_Work item_:
Going through the data, count each line that has the word "Definition". Reply with the total and nothing more.

[Stored data]
-- Opening Marker --
(* Let $W_2\in\{M_2,S_2\}$ and let $\phi:W_2\to W_2$ be a linear map with $\sigma_{\mathcal{K}}(\phi(A))=\sigma_{\mathcal{K}}(A)$ for all $A\in W_2$. Then $\phi(E_{12}+E_{21})=E_{12}+E_{21}$ or $\phi(E_{12}+E_{21})=-(E_{12}+E_{21})$.
   Context: $M_2$: real $2\times2$ matrices; $S_2$: symmetric ones; $E_{ij}$ is the matrix with $1$ in position $(i,j)$ and $0$ elsewhere. Lorentz cone $\mathcal{K}=\{(x_1,x_2)^T:|x_1|\le x_2\}$; a real $\lambda$ is an L-eigenvalue of $A$ if there is a nonzero $x\in\mathcal{K}$ with $(A-\lambda I)x\in\mathcal{K}$ and $x^T(A-\lambda I)x=0$; $\sigma_{\mathcal{K}}(A)$ is the set of L-eigenvalues. *)

From HB Require Import structures.
From mathcomp Require Import all_boot all_order all_algebra.
From mathcomp Require Import reals.
Set Implicit Arguments. Unset Strict Implicit. Unset Printing Implicit Defensive.
Import Order.TTheory GRing.Theory Num.Theory.
Local Open Scope ring_scope.

(* indices 1 and 2 of the paper are ord0 and ord_max in 'I_2 *)
Definition i1 : 'I_2 := ord0.
Definition i2 : 'I_2 := ord_max.

Definition E (R : realType) (i j : 'I_2) : 'M[R]_2 := delta_mx i j.

Definition inK (R : realType) (x : 'cV[R]_2) : Prop := `|x i1 0| <= x i2 0.

Definition is_Leig (R : realType) (A : 'M[R]_2) (l : R) : Prop :=
  exists x : 'cV[R]_2,
    [/\ x != 0, inK x, inK ((A - l%:M) *m x) & (x^T *m (A - l%:M) *m x) 0 0 = 0].

Definition sigmaK (R : realType) (A : 'M[R]_2) : R -> Prop := is_Leig A.

Definition symmetric2 (R : realType) (A : 'M[R]_2) : Prop := A^T = A.

(* The map x |-> (x2 + x1, x2 - x1) sends the Lorentz cone onto the nonnegative
   quadrant, so the L-eigenvalues of A are the Pareto eigenvalues of the conjugate
   matrix N = [[a, b], [c, d]]: a if c >= 0, d if b >= 0, and the eigenvalues with a
   positive eigenvector.  For J = E12 + E21 the conjugate is diag(1, -1), so N and -N,
   taken for phi(J), both have Pareto spectrum {1, -1}.  If c > 0, then a stays a
   Pareto eigenvalue of N - t N' for small t > 0, where N' is the conjugate of phi(B)
   and B has conjugate 2 E21; since J - t B has spectrum {-1}, this forces a = -1.
   The same holds for b, d and for -N.  On S_2 one has b = c instead, and since
   positive eigenvectors of a symmetric matrix cannot be orthogonal, b = c = 0.  A case
   analysis on the sign of c then leaves only N = diag(1, -1) or N = diag(-1, 1). *)

From HB Require Import structures.
From mathcomp Require Import all_boot all_order all_algebra.
From mathcomp Require Import reals.
From mathcomp Require Import ring lra.
Set Implicit Arguments.
Unset Strict Implicit.
Unset Printing Implicit Defensive.
Import Order.TTheory GRing.Theory Num.Theory.
Local Open Scope ring_scope.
-- Closing Marker --
_Exercise response_:
7